If they were just malformed humans, then why would there be stories of them ripping people limb from limb and hanging their bloody clothes up as a warning to others? To be fair, for all of these gory stories about the Melonheads, there does not seem to be any conclusive reports of missing peoples or unexplained murders in the areas they are said to lurk. So it is highly possible that these tales are entirely baseless, made up by locals simply to frighten their children and buddies around the campfire.
Most of the forum posts from witnesses describe brief encounters, where both parties were likely startled. One of the things Melonheads are known for is their infernal shrieking when they see cars passing by, which is how a lot of people describe their experiences. Most accounts simply have the creatures darting across the road, peeking shyly out from behind trees, or simply hanging back just far enough that the people driving by can see a shadowy figure in the space between two trees. People who get a good glimpse will describe what almost seems to be an accident. It is rumored that Melonheads have rather poor eyesight, only seeing brighter colors clearly, so it is possible that there have been many instances where someone snuck up on the poor creatures without realizing it.

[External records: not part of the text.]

(* Let $\mathcal{H}$ be a finite family of digraphs, $D$ a digraph and $k$ an integer. A set $X\subseteq V(D)$ is a solution to the instance $(D,k)$ of $\mathcal{H}$-SCC Deletion if and only if it is a solution to the instance $(D,k)$ of the $GPC(\mathcal{H})$-Hitting problem.
   Context: Subgraphs are not necessarily induced; strong components are maximal sets of mutually reachable vertices. A solution to $(D,k)$ of $\mathcal{H}$-SCC Deletion is a set $X\subseteq V(D)$ with $|X|\le k$ such that no strong component of $D-X$ contains a subgraph isomorphic to a graph in $\mathcal{H}$. For a (possibly infinite) family $\mathcal{F}$, a solution to $(D,k)$ of $\mathcal{F}$-Hitting is a set $X\subseteq V(D)$ with $|X|\le k$ such that $D-X$ contains no subgraph isomorphic to a graph in $\mathcal{F}$. For a digraph $H$, $PC(H)$ is the set of strongly connected digraphs of the form $H\cup P_1\cup\dots\cup P_\ell$ (union of vertex and arc sets), where each $P_i$ is a directed path with both end-points in $V(H)$; $GPC(H)$ is the subset of those admitting such a representation with pairwise distinct ordered end-point pairs of the $P_i$. $GPC(\mathcal{H})=\bigcup_{H\in\mathcal{H}}GPC(H)$. *)

From Stdlib Require List.
From mathcomp Require Import all_boot.
Set Implicit Arguments. Unset Strict Implicit. Unset Printing Implicit Defensive.

(* A (finite) digraph: a finite vertex type and an arc relation
   (no parallel arcs; loops are allowed by the type but play no special role). *)
Record digraph : Type := Digraph { dv : finType; darc : rel dv }.

(* G has a (not necessarily induced) subgraph isomorphic to H, all of whose
   vertices lie in the vertex set S of G: an injective arc-preserving map. *)
Definition embeds_in (H G : digraph) (S : {pred dv G}) : Prop :=
  exists f : dv H -> dv G,
    [/\ injective f, (forall u, f u \in S) &
        (forall u v, darc u v -> darc (f u) (f v))].

Definition del_arc (D : digraph) (X : {set dv D}) : rel (dv D) :=
  fun u v => [&& darc u v, u \notin X & v \notin X].

Definition strong_component (D : digraph) (X : {set dv D}) (C : {set dv D}) : Prop :=
  exists2 x, x \notin X &
    C = [set y | [&& y \notin X, connect (del_arc X) x y & connect (del_arc X) y x]].

Definition strongly_connected (G : digraph) : Prop :=
  0 < #|dv G| /\ forall u v : dv G, connect (@darc G) u v.

Definition scc_solution (Hs : seq digraph) (D : digraph) (k : nat) (X : {set dv D}) : Prop :=
  #|X| <= k /\
  forall C, strong_component X C ->
    forall H, List.In H Hs -> ~ embeds_in H (mem C).

(* Solution of F-Hitting (F possibly infinite, given as a predicate on digraphs). *)
Definition hitting_solution (F : digraph -> Prop) (D : digraph) (k : nat) (X : {set dv D}) : Prop :=
  #|X| <= k /\
  forall G, F G -> ~ embeds_in G (mem (~: X)).

Definition seq_arc (T : eqType) (p : seq T) (u v : T) : Prop :=
  exists s1 s2, p = s1 ++ u :: v :: s2.

(* G is isomorphic to H ∪ P_1 ∪ ... ∪ P_l (union of vertex and arc sets),
   where H is embedded by the injective map h, each P_i is a directed path
   given by its vertex sequence x :: q (duplicate-free) with both end-points
   x and last x q in V(H), the ordered end-point pairs are pairwise distinct,
   and G is strongly connected: G ∈ GPC(H) (up to isomorphism). *)
Definition in_GPC (H G : digraph) : Prop :=
  strongly_connected G /\
  exists (h : dv H -> dv G) (ps : seq (dv G * seq (dv G))),
    [/\ injective h,
        (forall p, p \in ps -> [/\ uniq (p.1 :: p.2), p.1 \in codom h &
                                   last p.1 p.2 \in codom h]),
        uniq [seq (p.1, last p.1 p.2) | p <- ps],
        (forall x : dv G, x \in codom h \/ exists2 p, p \in ps & x \in p.1 :: p.2) &
        (forall u v : dv G, darc u v <->
           ((exists a b, [/\ h a = u, h b = v & darc a b]) \/
            exists2 p, p \in ps & seq_arc (p.1 :: p.2) u v))].

Definition GPC (Hs : seq digraph) (G : digraph) : Prop :=
  exists H, List.In H Hs /\ in_GPC H G.

From mathcomp Require Import all_boot.
Set Implicit Arguments. Unset Strict Implicit. Unset Printing Implicit Defensive.

(* If H embeds in a strong component C of D - X, pick for every ordered pair
   (a, b) of vertices of H a simple path of D - X from the image of a to the
   image of b inside C; the union of the image of H with these paths is a
   member of GPC(H) living in D - X.  Conversely, a member of GPC(H) in D - X
   is strongly connected, so it lies in one strong component of D - X, and so
   does the copy of H it contains. *)

Lemma seq_arc_zip (T : eqType) (s : seq T) u v :
  seq_arc s u v <-> (u, v) \in zip s (behead s).
Proof.
split.
  case=> s1 [s2 ->]; elim: s1 => [|x s1 IH] /=; first by rewrite inE eqxx.
  by case: s1 IH => [|y s1] /= IH; rewrite inE IH orbT.
elim: s => [|x t IH] //=.
case: t IH => [|y t] IH //=; rewrite inE => /orP [/eqP [-> ->]|/IH [s1 [s2 E]]].
  by exists [::], t.
by exists (x :: s1), s2; rewrite E.
Qed.

Lemma path_zip (T : Type) (e : rel T) x s :
  path e x s = all (fun uv => e uv.1 uv.2) (zip (x :: s) s).
Proof. by elim: s x => //= y s IH x; rewrite IH. Qed.

Lemma mem_zip_inj (T1 T2 : eqType) (g : T1 -> T2) (s t : seq T1) u v :
  injective g -> ((g u, g v) \in zip (map g s) (map g t)) = ((u, v) \in zip s t).
Proof.
move=> g_inj; elim: s t => [|x s IH] [|y t] //=.
by rewrite !inE IH -!pair_eqE /= !(inj_eq g_inj).
Qed.

Lemma homo_connect (T1 T2 : finType) (e1 : rel T1) (e2 : rel T2) (g : T1 -> T2) :
  {homo g : u v / e1 u v >-> e2 u v} ->
  {homo g : u v / connect e1 u v >-> connect e2 u v}.
Proof.
move=> ge u _ /connectP [p pp ->]; apply/connectP.
by exists (map g p); rewrite ?last_map // path_map; apply: sub_path pp.
Qed.

Lemma connect_through_path (T : finType) (e : rel T) x p u :
  path e x p -> u \in x :: p -> connect e x u /\ connect e u (last x p).
Proof.
move=> pp up; split; first exact: (path_connect pp).
case/splitPl: up pp => p1 p2 <-; rewrite cat_path last_cat => /andP [_ p2p].
by apply/connectP; exists p2.
Qed.

Lemma del_arc_notin (D : digraph) (X : {set dv D}) x p y :
  path (del_arc X) x p -> y \in p -> y \notin X.
Proof.
elim: p x => [|z p IH] x //= /andP [/and3P [_ _ zX] pp].
by rewrite inE => /orP [/eqP ->|/(IH _ pp)].
Qed.

Lemma embeds_in_subgraph (H G D : digraph) (S : {pred dv D}) (h : dv H -> dv G) :
  injective h -> {homo h : a b / darc a b} ->
  embeds_in G S -> embeds_in H S.
Proof.
move=> h_inj h_arc [g [g_inj gS g_arc]].
exists (g \o h); split=> [a b /g_inj /h_inj // | a | a b /h_arc /g_arc //].
exact: gS.
Qed.

Lemma in_GPC_embeds_in (H G D : digraph) (S : {pred dv D}) :
  in_GPC H G -> embeds_in G S -> embeds_in H S.
Proof.
case=> _ [h [ps [h_inj _ _ _ h_arc]]]; apply: embeds_in_subgraph h_inj _.
by move=> a b ab; apply/h_arc; left; exists a, b.
Qed.

Lemma strongly_connected_in_component (G D : digraph) (X : {set dv D}) :
  strongly_connected G -> embeds_in G (mem (~: X)) ->
  exists2 C, strong_component X C & embeds_in G (mem C).
Proof.
case=> /card_gt0P [v0 _] G_sc [g [g_inj gX g_arc]].
have g_notin u : g u \notin X by rewrite -in_setC; apply: gX.
have g_connect u v : connect (del_arc X) (g u) (g v).
  by apply: homo_connect (G_sc u v) => a b ab; rewrite /del_arc g_arc ?g_notin.
set C := [set y | [&& y \notin X, connect (del_arc X) (g v0) y & connect (del_arc X) y (g v0)]].
exists C; first by exists (g v0).
by exists g; split=> // u; rewrite inE g_notin !g_connect.
Qed.

Lemma strong_component_simple_path (D : digraph) (X C : {set dv D}) u v :
  strong_component X C -> u \in C -> v \in C ->
  exists p, [&& uniq (u :: p), path (del_arc X) u p & last u p == v].
Proof.
case=> x _ ->; rewrite !inE => /and3P [_ _ ux] /and3P [_ xv _].
case/connectP: (connect_trans ux xv) => p pp ->.
by case: (shortenP pp) => q qp uq _; exists q; rewrite uq qp eqxx.
Qed.

Definition sub_digraph (D : digraph) (S : {set dv D}) (e : rel (dv D)) : digraph :=
  @Digraph {y : dv D | y \in S} (fun u v => e (val u) (val v)).

Lemma sub_digraph_embeds_in (D : digraph) (S : {set dv D}) (e : rel (dv D))
    (A : {pred dv D}) :
  {subset S <= A} -> subrel e (@darc D) -> embeds_in (sub_digraph S e) A.
Proof.
by move=> SA e_arc; exists val; split=> [|[y yS]|u v /e_arc]; [apply: val_inj|apply: SA|].
Qed.

Section PathUnion.

Variables (D H : digraph) (f : dv H -> dv D) (P : dv H -> dv H -> seq (dv D)).
Hypotheses (f_inj : injective f) (f_arc : {homo f : a b / darc a b}).
Hypotheses (P_uniq : forall a b, uniq (f a :: P a b))
           (P_path : forall a b, path (@darc D) (f a) (P a b))
           (P_last : forall a b, last (f a) (P a b) = f b).

Definition union_vertices : {set dv D} :=
  [set y | (y \in codom f) || [exists ab : dv H * dv H, y \in P ab.1 ab.2]].

Definition union_arc : rel (dv D) := fun u v =>
  [exists a, exists b, [&& f a == u, f b == v & darc a b]] ||
  [exists ab : dv H * dv H, (u, v) \in zip (f ab.1 :: P ab.1 ab.2) (P ab.1 ab.2)].

Definition path_union : digraph := sub_digraph union_vertices union_arc.

Lemma union_arc_darc : subrel union_arc (@darc D).
Proof.
move=> u v /orP [/existsP [a /existsP [b /and3P [/eqP <- /eqP <- /f_arc //]]]|].
by case/existsP=> [[a b]] /= uv; move: (P_path a b); rewrite path_zip => /allP/(_ _ uv).
Qed.

Lemma union_vertices_codom a : f a \in union_vertices.
Proof. by rewrite inE codom_f. Qed.

Definition union_hub (a : dv H) : dv path_union := exist _ (f a) (union_vertices_codom a).

Definition union_path (a b : dv H) : seq (dv path_union) := pmap insub (P a b).

Lemma union_hub_inj : injective union_hub.
Proof. by move=> a b /(congr1 val) /f_inj. Qed.

Lemma val_union_path a b : map val (union_path a b) = P a b.
Proof.
rewrite /union_path (pmap_filter (@insubK _ _ _)); apply/all_filterP/allP => y yP.
by rewrite insubT // inE; apply/orP; right; apply/existsP; exists (a, b).
Qed.

Lemma mem_union_zip a b (u v : dv path_union) :
  ((u, v) \in zip (union_hub a :: union_path a b) (union_path a b)) =
  ((val u, val v) \in zip (f a :: P a b) (P a b)).
Proof. by rewrite -(mem_zip_inj _ _ _ _ val_inj) /= val_union_path. Qed.

Lemma union_path_path a b : path (@darc path_union) (union_hub a) (union_path a b).
Proof.
rewrite path_zip; apply/allP=> [[u v]] uv; apply/orP; right.
by apply/existsP; exists (a, b); rewrite /= -mem_union_zip.
Qed.

Lemma union_path_last a b : last (union_hub a) (union_path a b) = union_hub b.
Proof. by apply: val_inj; rewrite /= -last_map val_union_path P_last. Qed.

Lemma union_vertex_cover (u : dv path_union) :
  exists a b, u \in union_hub a :: union_path a b.
Proof.
have := valP u; rewrite inE => /orP [/codomP [a ua]|/existsP [[a b] /= ub]].
  by exists a, a; rewrite inE (_ : u = union_hub a) ?eqxx //; apply: val_inj.
by exists a, b; rewrite inE mem_pmap_sub ub orbT.
Qed.

Lemma path_union_strongly_connected : 0 < #|dv H| -> strongly_connected path_union.
Proof.
case/card_gt0P=> a0 _; split; first by apply/card_gt0P; exists (union_hub a0).
have hub_connect a b : connect (@darc path_union) (union_hub a) (union_hub b).
  by apply/connectP; exists (union_path a b); rewrite ?union_path_path ?union_path_last.
move=> u v.
have [a [b /(connect_through_path (union_path_path a b)) [_]]] := union_vertex_cover u.
rewrite union_path_last => ub.
have [c [d /(connect_through_path (union_path_path c d)) [cv _]]] := union_vertex_cover v.
exact: connect_trans ub (connect_trans (hub_connect b c) cv).
Qed.

Definition union_paths : seq (dv path_union * seq (dv path_union)) :=
  [seq (union_hub ab.1, union_path ab.1 ab.2) | ab <- enum {: dv H * dv H}].

Lemma mem_union_paths a b : (union_hub a, union_path a b) \in union_paths.
Proof. by apply/mapP; exists (a, b); rewrite ?mem_enum. Qed.

Lemma path_union_arcP (u v : dv path_union) :
  darc u v <->
  (exists a b, [/\ union_hub a = u, union_hub b = v & darc a b]) \/
  exists2 p, p \in union_paths & seq_arc (p.1 :: p.2) u v.
Proof.
split.
  case/orP=> [/existsP [a /existsP [b /and3P [/eqP ua /eqP vb ab]]]|/existsP [[a b] /= uv]].
    by left; exists a, b; split=> //; apply: val_inj.
  right; exists (union_hub a, union_path a b); first exact: mem_union_paths.
  by apply/seq_arc_zip; rewrite /= mem_union_zip.
case=> [[a [b [<- <- ab]]]|[_ /mapP [[a b] _ ->] /= /seq_arc_zip uv]].
  by apply/orP; left; apply/existsP; exists a; apply/existsP; exists b; rewrite !eqxx.
by apply/orP; right; apply/existsP; exists (a, b); rewrite /= -mem_union_zip.
Qed.

Lemma path_union_GPC : 0 < #|dv H| -> in_GPC H path_union.
Proof.
move=> H_gt0; split; first exact: path_union_strongly_connected.
exists union_hub, union_paths; split.
- exact: union_hub_inj.
- move=> _ /mapP [[a b] _ ->] /=; rewrite union_path_last !codom_f; split=> //.
  have := P_uniq a b; rewrite -val_union_path -(map_cons val (union_hub a)).
  by rewrite (map_inj_uniq val_inj).
- rewrite -map_comp (map_inj_uniq _) ?enum_uniq // => -[a1 a2] [b1 b2] /=.
  by rewrite !union_path_last => -[] /f_inj -> /f_inj ->.
- move=> u; right; have [a [b ub]] := union_vertex_cover u.
  by exists (union_hub a, union_path a b); first exact: mem_union_paths.
- exact: path_union_arcP.
Qed.

End PathUnion.

Theorem lemma20 (Hs : seq digraph)
    (Hs_nonempty : forall H, List.In H Hs -> 0 < #|dv H|)
    (D : digraph) (k : nat) (X : {set dv D}) :
  scc_solution Hs k X <-> hitting_solution (GPC Hs) k X.
Proof.
split=> [[Xk X_scc] | [Xk X_hit]]; split=> //.
  move=> G [H [HHs G_GPC]] /(strongly_connected_in_component (proj1 G_GPC)) [C XC GC].
  exact: X_scc XC H HHs (in_GPC_embeds_in G_GPC GC).
move=> C XC H HHs [f [f_inj fC f_arc]].
have C_notin y : y \in C -> y \notin X.
  by case: XC => x _ ->; rewrite inE => /and3P [].
have P_ex a b := strong_component_simple_path XC (fC a) (fC b).
pose P a b := xchoose (P_ex a b).
have P_uniq a b : uniq (f a :: P a b) by case/and3P: (xchooseP (P_ex a b)).
have P_del a b : path (del_arc X) (f a) (P a b) by case/and3P: (xchooseP (P_ex a b)).
have P_last a b : last (f a) (P a b) = f b by case/and3P: (xchooseP (P_ex a b)) => _ _ /eqP.
have P_path a b : path (@darc D) (f a) (P a b) by apply: sub_path (P_del a b) => u v /andP [].
apply: (X_hit (path_union f P)).
  by exists H; split=> //; apply: path_union_GPC; rewrite ?Hs_nonempty.
apply: sub_digraph_embeds_in (union_arc_darc f_arc P_path) => y.
rewrite inE in_setC => /orP [/codomP [a ->] | /existsP [[a b] /= /(del_arc_notin (P_del a b))]] //.
exact/C_notin/fC.
Qed.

Whatever they are, the Melonheads are certainly one of the weirdest weird things to wander the United States. Anyone looking to have their own Melonhead experience can visit Wisner Road in Kirkland, Ohio, or Dracula Road in Connecticut. These and the off-shooting roads are said to be Melonhead hotspots. Who knows? Maybe you will get lucky like Tony did. But just in case the bloodier rumors are true, I would make sure to lock your car doors and not venture out after the Melonheads. One can never be too careful, after all.